CX caused an outage on one of the database servers affecting CX, Echo and Flow. The x1 database was overloaded with long-running FOR UPDATE queries until it had to be forcefully restarted.
Likely root cause was a bug in the frontend code that in certain articles caused the save draft request size to be extra large due to inclusion of unrelated content combined with an unoptimal autosave-retry logic exacerbating the problem to an outage.
- [14:00] Data center switch starts
- [14:32] First lonely error in Logstash about CX (observed later)
- [14:40] Lots of errors in Logstash about CX (observed later)
- [15:13] Language team is pinged to assist with an issue with queries generated by CX
- [15:30] CX queries are being killed, but connections do not get disconnected
- [15:35] Disabling of CX suggested
- [15:36] Outage on x1 started as limit of open connections was exceeded
- [15:42] CX is disabled
- [15:46] More load to slave, read-only triggered
- [15:57] Database is restarted, recovery starts
- [16:00] T163344 filed
- [16:18] Outage over
- [17.33] Annoucement to wikitech-l that datacenter switch is complete, mentioning that CX is disabled
- Language team starts investigating frontend and backend
- Finds out that the front-end can do more requests than expected
- Finds out that the ping-limiter does not help to prevent query build-up in cases like this
- Patch to improve auto-saving to be much more conservative was merged
- A list of long queries running during the outage is provided
- There is a mixed data about number of save requests that happened during the outage: EventLogging and Grafana don't show spikes, even though there were many queries during the outage
- A disk IO overload is suspected as the cause, quickly proven false
- Focus is now on understanding what caused the locking issue
- CX was re-enabled and database was monitored more closely
- Database performance was monitored through out the day and found no issues
- A bug in the frontend code was found by analyzing a particular query was found repeating 1000+ times during the incident T163105
- T163105 was further investigated to see that it can cause a database failure combined with the autosave-retry logic.

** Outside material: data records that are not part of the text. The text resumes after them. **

Lemma gammaO_beta u m : minO u = Some m -> gammaO u (beta u) = Some m.
Proof.
move=> Hm; have [k0 Hk0] := minO_attained Hm.
have P0 : gammaO u k0 == minO u by rewrite Hk0 Hm.
rewrite /beta -maxEnat.
have [k /[!unfold_in] /eqP Hk ->] := eq_bigmax (x := 0) _
  (fun k : 'I__ => gammaO u k == minO u) val P0 (fun k _ => leq0n k).
by rewrite Hk Hm.
Qed.

End Optimum.

Section Attach.
Variables (T : finType) (vl vr : dtree T).
Hypothesis lr : [disjoint dV vl & dV vr].
Local Notation v := (DNode OAttach vl vr).
Implicit Types (S X : {set T}) (x y : T).

Lemma dedge_attach_cross x y : x \in dV vl -> y \in dV vr ->
  dedge v x y = (x \in dTS vl) && (y \in dTS vr).
Proof.
move=> xl yr; have /negbT xr := disjointFr lr xl; have /negbT yl := disjointFl lr yr.
rewrite /= [dedge vl x y]dedgeFr // [dedge vr x y]dedgeFl //.
by rewrite (negbTE (notin_dTS xr)) (negbTE (notin_dTS yl)) !andbF !orbF.
Qed.

Lemma card_attach_split S : S \subset dV v -> #|S| = #|S :&: dV vl| + #|S :&: dV vr|.
Proof.
rewrite dV_node => SV; rewrite -cardsU_disjoint -?setIUr; first by rewrite (setIidPl SV).
exact: disjointW (subsetIr _ _) (subsetIr _ _) lr.
Qed.

Section AttachSplit.
Variables (S X : {set T}) (f : T -> T).
Hypotheses (SV : S \subset dV v) (Sdom : dV v :\: dTS v \subset closed_nbhd v S).
Hypotheses (XS : X \subset S :&: dTS v) (Mf : perfect_mate (dedge v) (S :\: X) f).
Local Notation W := (S :\: X).
Local Notation Cl := (crossing f W (dV vl) (dV vr)).
Local Notation Cr := (crossing f W (dV vr) (dV vl)).

Let XTl : X \subset dTS vl := subset_trans XS (subsetIr _ _).

Let WV : W \subset dV vl :|: dV vr.
Proof. by rewrite -(dV_node OAttach); exact: subset_trans (subsetDl _ _) SV. Qed.

Lemma kfeasible_attach_split_l : kfeasible vl (#|X| + #|Cl|) (S :&: dV vl).
Proof.
have ClW : Cl \subset W by apply/subsetP => x /setIdP[/setIP[]].
have ClVl : Cl \subset dV vl by apply/subsetP => x /setIdP[/setIP[]].
have ClTl : Cl \subset dTS vl.
  apply/subsetP => x /setIdP[/setIP[xW xl] fxr]; have [_ _ exf _] := Mf xW.
  by move: exf; rewrite dedge_attach_cross // => /andP[].
apply/kfeasibleP; split; first exact: subsetIr.
  apply/subsetP => x /setDP[xl xTl].
  rewrite -(closed_nbhd_node_private_l OAttach lr) //; apply: (subsetP Sdom).
  by rewrite in_setD dV_node in_setU xl xTl.
exists (X :|: Cl), f; split.
- rewrite subUset !subsetI XTl ClTl ClVl (subset_trans XTl (dTS_subset_dV _)).
  by rewrite (subset_trans XS (subsetIl _ _)) (subset_trans ClW (subsetDl _ _)).
- rewrite cardsU_disjoint // disjoint_sym disjoints_subset.
  by apply/subsetP => x /(subsetP ClW) /setDP[_ xX]; rewrite inE.
have -> : S :&: dV vl :\: (X :|: Cl) = W :&: dV vl :\: Cl.
  by apply/setP => x; rewrite !(in_setD, in_setI, in_setU); case: (x \in X); case: (x \in Cl).
apply: (perfect_mate_mono (perfect_mate_noncrossing lr WV Mf)).
by move=> x y /setDP[/setIP[_ xl] _] /setDP[/setIP[_ yl] _]; rewrite dedge_node_l.
Qed.

Lemma kfeasible_attach_split_r : kfeasible vr #|Cr| (S :&: dV vr).
Proof.
have CrTr : Cr \subset dTS vr.
  apply/subsetP => y /setIdP[/setIP[yW yr] fyl]; have [_ _ eyf _] := Mf yW.
  by move: eyf; rewrite dedge_sym dedge_attach_cross // => /andP[].
apply/kfeasibleP; split; first exact: subsetIr.
  apply/subsetP => x /setDP[xr xTr].
  rewrite -(closed_nbhd_node_private_r OAttach lr) //; apply: (subsetP Sdom).
  by rewrite in_setD dV_node in_setU xr orbT (notin_dTS (negbT (disjointFl lr xr))).
exists Cr, f; split=> //.
  rewrite !subsetI CrTr andbT; apply/andP; split.
    by apply/subsetP => x /setIdP[/setIP[/setDP[xS _] _] _].
  by apply/subsetP => x /setIdP[/setIP[]].
have -> : S :&: dV vr :\: Cr = W :&: dV vr :\: Cr.
  apply/setP => x; rewrite !(in_setD, in_setI); case xr: (x \in dV vr); rewrite ?andbF //.
  have xX : x \notin X.
    by apply: contraFN (disjointFl lr xr); apply/subsetP/(subset_trans XTl)/dTS_subset_dV.
  by rewrite xX.
have WV' : W \subset dV vr :|: dV vl by rewrite setUC.
have lr' : [disjoint dV vr & dV vl] by rewrite disjoint_sym.
apply: (perfect_mate_mono (perfect_mate_noncrossing lr' WV' Mf)).
by move=> x y /setDP[/setIP[_ xr] _] /setDP[/setIP[_ yr] _]; rewrite dedge_node_r.
Qed.

End AttachSplit.

Lemma kfeasible_attach_split k S : kfeasible v k S ->
  exists c, kfeasible vl (k + c) (S :&: dV vl) /\ kfeasible vr c (S :&: dV vr).
Proof.
case/kfeasibleP=> SV Sdom [X [f [XS <- Mf]]].
exists #|crossing f (S :\: X) (dV vl) (dV vr)|; split.
  exact: kfeasible_attach_split_l.
rewrite (card_crossing _ _ Mf); exact: kfeasible_attach_split_r.
Qed.

Section AttachJoin.
Variables (Sl Xl Sr Xr : {set T}).
Hypotheses (SlV : Sl \subset dV vl) (SrV : Sr \subset dV vr).
Hypotheses (XlS : Xl \subset Sl :&: dTS vl) (XrS : Xr \subset Sr :&: dTS vr).

Let XlSl : Xl \subset Sl := subset_trans XlS (subsetIl _ _).
Let XlTl : Xl \subset dTS vl := subset_trans XlS (subsetIr _ _).
Let XrSr : Xr \subset Sr := subset_trans XrS (subsetIl _ _).
Let XrTr : Xr \subset dTS vr := subset_trans XrS (subsetIr _ _).
Let SlSr : [disjoint Sl & Sr] := disjointW SlV SrV lr.

Lemma dominates_attach_join : Xl != set0 ->
  dV vl :\: dTS vl \subset closed_nbhd vl Sl -> dV vr :\: dTS vr \subset closed_nbhd vr Sr ->
  dV v :\: dTS v \subset closed_nbhd v (Sl :|: Sr).
Proof.
move=> /set0Pn[w wXl] Sldom Srdom.
have Sl_part : (Sl :|: Sr) :&: dV vl = Sl.
  have /disjoint_setI0 Sr_l : [disjoint Sr & dV vl].
    by rewrite disjoint_sym; exact: disjointWr SrV lr.
  by rewrite setIUl (setIidPl SlV) Sr_l setU0.
have Sr_part : (Sl :|: Sr) :&: dV vr = Sr.
  have /disjoint_setI0 Sl_r : [disjoint Sl & dV vr] by exact: disjointWl SlV lr.
  by rewrite setIUl (setIidPl SrV) Sl_r set0U.
apply/subsetP => x /setDP[]; rewrite dV_node => /setUP[xl|xr] xTl.
  rewrite (closed_nbhd_node_private_l OAttach lr) // Sl_part.
  by apply: (subsetP Sldom); rewrite in_setD xl xTl.
have [xTr|xTr] := boolP (x \in dTS vr).
  apply/closed_nbhdP; right; exists w; first by rewrite in_setU (subsetP XlSl).
  by rewrite dedge_attach_cross ?(subsetP XlTl) // (subsetP SlV) ?(subsetP XlSl).
rewrite (closed_nbhd_node_private_r OAttach lr) // Sr_part.
by apply: (subsetP Srdom); rewrite in_setD xr xTr.
Qed.
(* Let $S$ be a semigroup with a maximal $\mathcal{J}$-class $J$ (with respect to $\le_{\mathcal{J}}$) such that $\langle J\rangle\neq S$. Then $\sigma_s(S)=2$.
   Context: For a semigroup $S$, $S^1$ is $S$ with an identity adjoined if $S$ has none, and $S$ otherwise. $x\mathcal{J}y$ iff $S^1xS^1=S^1yS^1$; the classes are $\mathcal{J}$-classes, ordered by $J_x\le_{\mathcal{J}}J_y$ iff $S^1xS^1\subseteq S^1yS^1$. $\langle J\rangle$ is the subsemigroup generated by $J$. $\sigma_s(S)$ is the least positive integer $n$ such that $S$ is the union of $n$ proper subsemigroups, or $\infty$ if none exists. *)

From Stdlib Require Import Arith.

Section Semigroup.
Variables (T : Type) (op : T -> T -> T).

(* y \in S^1 x S^1 *)
Definition in_principal_ideal (x y : T) : Prop :=
  y = x \/ (exists a, y = op a x) \/ (exists b, y = op x b)
  \/ (exists a b, y = op (op a x) b).

Definition J_le (x y : T) : Prop :=
  forall z, in_principal_ideal x z -> in_principal_ideal y z.

Definition J_rel (x y : T) : Prop := J_le x y /\ J_le y x.

Definition maximal_J_class (J : T -> Prop) : Prop :=
  exists x, (forall z, J z <-> J_rel z x) /\ (forall y, J_le x y -> J_le y x).

Inductive generated (A : T -> Prop) : T -> Prop :=
| gen_base : forall x, A x -> generated A x
| gen_op : forall x y, generated A x -> generated A y -> generated A (op x y).

Definition is_subsemigroup (U : T -> Prop) : Prop :=
  (exists x, U x) /\ (forall x y, U x -> U y -> U (op x y)).

Definition proper_subsemigroup (U : T -> Prop) : Prop :=
  is_subsemigroup U /\ exists x, ~ U x.

Definition union_of_proper (n : nat) : Prop :=
  exists F : nat -> T -> Prop,
    (forall i, i < n -> proper_subsemigroup (F i)) /\
    (forall x, exists i, i < n /\ F i x).

Definition sigma_s_eq (n : nat) : Prop :=
  0 < n /\ union_of_proper n /\ (forall m, 0 < m -> m < n -> ~ union_of_proper m).

End Semigroup.

(* The complement of a maximal J-class J is closed under products: a product
   ab lies J-below both a and b, so if ab were in J, maximality of J would put
   a (and b) in J as well.  Hence S \ J and <J> are subsemigroups covering S;
   both are proper (the first misses J, the second misses some element by
   hypothesis), so sigma_s(S) <= 2, while a single proper subsemigroup can
   never cover S. *)
From Stdlib Require Import Arith Lia Classical.

Section Semigroup.
Variables (T : Type) (op : T -> T -> T).
Hypothesis assoc : forall x y z, op x (op y z) = op (op x y) z.

Lemma J_le_opl (a b : T) : J_le T op (op a b) a.
Proof.
  intros z [H | [[c H] | [[d H] | [c [d H]]]]]; subst z.
  - right; right; left; exists b; reflexivity.
  - right; right; right; exists c, b; now rewrite assoc.
  - right; right; left; exists (op b d); now rewrite assoc.
  - right; right; right; exists c, (op b d); now rewrite <- !assoc.
Qed.

Lemma J_rel_refl (x : T) : J_rel T op x x.
Proof. split; intros z hz; exact hz. Qed.

Lemma maximal_J_class_compl_opl (J : T -> Prop) :
  maximal_J_class T op J -> forall a b, J (op a b) -> J a.
Proof.
  intros [x [HJ Hmax]] a b Hab.
  apply HJ in Hab as [_ Hx_ab].
  assert (Hxa : J_le T op x a).
  { intros z hz; apply (J_le_opl a b), Hx_ab, hz. }
  apply HJ; split; [apply Hmax |]; exact Hxa.
Qed.

Lemma generated_subsemigroup (A : T -> Prop) :
  (exists x, A x) -> is_subsemigroup T op (generated T op A).
Proof.
  intros [x Ax]; split.
  - exists x; now constructor.
  - intros y z Hy Hz; now constructor.
Qed.

Lemma maximal_J_class_compl_subsemigroup (J : T -> Prop) :
  maximal_J_class T op J -> (exists s, ~ J s) ->
  is_subsemigroup T op (fun y => ~ J y).
Proof.
  intros hJ Hs; split; [exact Hs |].
  intros a b Ha _ Hab; exact (Ha (maximal_J_class_compl_opl J hJ a b Hab)).
Qed.

Lemma union_of_proper_2 (U V : T -> Prop) :
  proper_subsemigroup T op U -> proper_subsemigroup T op V ->
  (forall x, U x \/ V x) -> union_of_proper T op 2.
Proof.
  intros HU HV Hcov.
  exists (fun i => match i with 0 => U | _ => V end); split.
  - intros [| i] _; assumption.
  - intros x; destruct (Hcov x) as [Hx | Hx]; [exists 0 | exists 1]; split; auto.
Qed.

Lemma not_union_of_proper_1 : ~ union_of_proper T op 1.
Proof.
  intros [F [HF Hcov]].
  destruct (HF 0 ltac:(lia)) as [_ [y Hy]].
  destruct (Hcov y) as [i [Hi HFy]].
  replace i with 0 in HFy by lia; exact (Hy HFy).
Qed.

End Semigroup.

Theorem mainTheorem7 (T : Type) (op : T -> T -> T)
  (assoc : forall x y z, op x (op y z) = op (op x y) z)
  (J : T -> Prop) (hJ : maximal_J_class T op J)
  (hgen : exists s, ~ generated T op J s) :
  sigma_s_eq T op 2.
Proof.
  destruct hgen as [s Hs].
  assert (Jx : exists x, J x).
  { destruct hJ as [x [HJ _]]; exists x; apply HJ, J_rel_refl. }
  assert (Js : ~ J s) by (intro h; apply Hs; now constructor).
  split; [lia | split].
  - apply (union_of_proper_2 T op (generated T op J) (fun y => ~ J y)).
    + split; [apply generated_subsemigroup; exact Jx | now exists s].
    + split; [apply maximal_J_class_compl_subsemigroup; eauto |].
      destruct Jx as [x Jx]; exists x; intro h; exact (h Jx).
    + intros y; destruct (classic (J y)); [left; now constructor | now right].
  - intros m Hm Hm2; replace m with 1 by lia; apply not_union_of_proper_1.
Qed.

- The CX frontend is very simple, not understanding if an outage is happening, so it might have made things worse with automatic retries.

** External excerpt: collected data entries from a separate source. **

Definition Y : Type := completion B pdist.
Definition dY : Y -> Y -> R := cdist B pdist.
Definition actY (g : K) : Y -> Y := completion_map B pdist (translate g) (pdist_translate g).
Definition embY (b : B) : Y := embed B pdist pdist_pseudometric b.
Definition embZ (z : Z) : Y := embY (one, Some z).

Lemma dY_metric : is_metric dY.
Proof. apply cdist_metric, pdist_pseudometric. Qed.

Lemma dY_embY a b : dY (embY a) (embY b) = pdist a b.
Proof. apply cdist_embed. Qed.

Lemma actY_embY g b : actY g (embY b) = embY (translate g b).
Proof. apply completion_map_embed. Qed.

Lemma actY_isometry g y y' : dY (actY g y) (actY g y') = dY y y'.
Proof. apply completion_map_isometry, pdist_pseudometric. Qed.

Lemma actY_action : is_action_on G whole actY.
Proof.
  split.
  - intro y. apply completion_map_id; [apply pdist_pseudometric |].
    intros [k a]. unfold translate; simpl. rewrite (gmul1l _ G). reflexivity.
  - intros g h y _ _. symmetry. apply completion_map_comp; [apply pdist_pseudometric |].
    intros [k a]. unfold translate; simpl. rewrite (gmulA _ G). reflexivity.
Qed.

Lemma actY_lipschitz g g' y : dY (actY g y) (actY g' y) <= Mz / eps0 * dK g g'.
Proof.
  apply completion_map_close; [apply pdist_pseudometric |].
  intros [k a]. eapply Rle_trans; [apply pdist_le_product |]. unfold translate; simpl.
  rewrite (metric_refl _ _ dZp_metric). apply Rmax_lub.
  - rewrite rho_mul_r. apply truncated_dist_lipschitz; auto.
  - apply Rmult_le_pos; [left; apply truncated_scale_pos; auto | apply (metric_nonneg _ _ HdK)].
Qed.
Lemma flag_count_quot (d : dimvec I) (X : rep r k d) (S : subfam k d) L :
  is_subrep X S -> forall e T, is_subrep (quot_rep X S) T ->
  flag_count (quot_rep X S) T e L = flag_count X (quot_preim S T) e L.
Proof.
move=> hS; elim: L => [|e' L IH] e T hT /=.
  congr (if _ then _ else _); apply: dimeq_ext => i.
  by rewrite rk_quot_preim /quot_dim mxrank_compl subnDA subnAC.
have le_preim U : subfam_le (quot_preim S T) U =
    subfam_le S U && subfam_le (quot_preim S T) U.
  case: (boolP (subfam_le _ U)) => h; rewrite ?andbF // andbT.
  by rewrite (subfam_le_trans (S_le_quot_preim T) h).
under [RHS]eq_bigl => U do rewrite -andbA le_preim !andbA -andbA.
rewrite [RHS](sum_subrep_above hS).
apply: eq_big => [U|U /andP [/andP [hU _] _]]; last exact: IH.
case: (boolP (is_subrep _ U)) => //= hU.
rewrite quot_preim_le; [|exact: subrep_canonical hT|exact: subrep_canonical hU].
by congr (_ && _); apply: dimeq_ext => i; rewrite !rk_quot_preim subnDr.
Qed.

Lemma chi_prod_flag_count L : forall e (d : dimvec I) (X : rep r k d),
  chi_prod e L X = vq k ^ euler_seq r (e :: L) * flag_count X (subfam0 k d) e L.
Proof.
elim: L => [|e' L IH] e d X /=.
  rewrite [sum_dims _](_ : _ = fun _ => 0%N); last first.
    by apply: functional_extensionality => i; rewrite /sum_dims big_nil.
  rewrite euler0l add0r expr0z mul1r /chi; congr (if _ then _ else _).
  by apply: dimeq_ext => i; rewrite rk_subfam0 subn0.
rewrite /hall_mul mulr_sumr.
under [RHS]eq_bigl => T do rewrite subfam0_le andbT.
rewrite [RHS]big_mkcondr; apply: eq_bigr => T hT.
rewrite IH flag_count_quot ?subrep0 // quot_preim0; last exact: subrep_canonical hT.
rewrite /chi (@dimeq_ext _ _ (fun i => rk T i - rk (subfam0 k d) i)%N); last first.
  by move=> i; rewrite rk_subfam0 subn0.
case: ifP => /= [/dimeqP hdim|_]; last by rewrite mulr0 mul0r.
have [->|nz] := eqVneq (flag_count X T e' L) 0; first by rewrite !mulr0.
rewrite mulr1 mulrA -expfzDr ?vq_neq0 //; congr (_ ^ (_ + _) * _).
apply: euler_ext => i; last by rewrite -hdim rk_subfam0 subn0.
by rewrite /quot_dim mxrank_compl (flag_count_dim nz).
Qed.

End Flags.

(** * Admissible tuples *)

Section FinTuples.
Variable D : finType.

Definition fcons s (x : D) (t : {ffun 'I_s -> D}) : {ffun 'I_s.+1 -> D} :=
  [ffun i => if unlift ord0 i is Some j then t j else x].
Definition ftail s (t : {ffun 'I_s.+1 -> D}) : {ffun 'I_s -> D} :=
  [ffun j => t (lift ord0 j)].

Lemma fcons0 s x (t : {ffun 'I_s -> D}) : fcons x t ord0 = x.
Proof. by rewrite ffunE unlift_none. Qed.

Lemma fconsS s x (t : {ffun 'I_s -> D}) j : fcons x t (lift ord0 j) = t j.
Proof. by rewrite ffunE liftK. Qed.

Lemma fconsK s x (t : {ffun 'I_s -> D}) : ftail (fcons x t) = t.
Proof. by apply/ffunP => j; rewrite ffunE fconsS. Qed.

Lemma fcons_eta s (t : {ffun 'I_s.+1 -> D}) : fcons (t ord0) (ftail t) = t.
Proof. by apply/ffunP => i; rewrite ffunE; case: unliftP => [j ->|->] //; rewrite ffunE. Qed.

Lemma sum_fcons (V : nmodType) s (F : {ffun 'I_s.+1 -> D} -> V) :
  \sum_t F t = \sum_x \sum_(t : {ffun 'I_s -> D}) F (fcons x t).
Proof.
rewrite pair_big (reindex (fun p : D * {ffun 'I_s -> D} => fcons p.1 p.2)) //.
apply: onW_bij; exists (fun t : {ffun _ -> D} => (t ord0, ftail t)) => [[x t]|t] /=.
  by rewrite fcons0 fconsK.
by rewrite fcons_eta.
Qed.

Lemma sum_ffun_ord0 (V : nmodType) (F : {ffun 'I_0 -> D} -> V) (t0 : {ffun 'I_0 -> D}) :
  \sum_t F t = F t0.
Proof. by apply: big_pred1 => t /=; apply/esym/eqP/ffunP => -[]. Qed.

Lemma forall_ord0 (P : pred 'I_0) : [forall l, P l].
Proof. by apply/forallP => -[]. Qed.

Lemma forall_ordS s (P : 'I_s.+1 -> bool) :
  [forall l, P l] = P ord0 && [forall l : 'I_s, P (lift ord0 l)].
Proof.
apply/forallP/andP => [h|[h0 /forallP h] l]; first by split=> //; apply/forallP.
by case: (unliftP ord0 l) => [j ->|->].
Qed.

End FinTuples.

Section Admissible.
Variables (I : finType) (r : I -> I -> nat) (Theta : I -> int) (d : dimvec I).
Local Notation N := (totdim d).
Local Notation D := {ffun I -> 'I_N.+1}.
Implicit Types (a b : dimvec I) (x : D).

Lemma dseq_fcons s x (t : {ffun 'I_s -> D}) : dseq (fcons x t) = dv x :: dseq t.
Proof.
rewrite /dseq enum_ordSl /= fcons0 -map_comp; congr (_ :: _).
by apply: eq_map => j /=; rewrite fconsS.
Qed.

Lemma dseq0 (t : {ffun 'I_0 -> D}) : dseq t = [::].
Proof. by rewrite /dseq; case: (enum 'I_0) (size_enum_ord 0) => [|? ?]. Qed.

- Database locking is complex. The current saving code was written by another person, not fully understood by the language team.
- Language team was not monitoring the status during the switchover. It should have.
- The outage affected not only CX, but also Flow and Echo. The good thing is that only those services were mainly affected. The bad thing is that other services than CX were affected. A ways to have unrelated service outages not affect each other should be investigated.
- Ways to fail faster (detect and act on blocked queries) before it escalates to an outage should be investigated.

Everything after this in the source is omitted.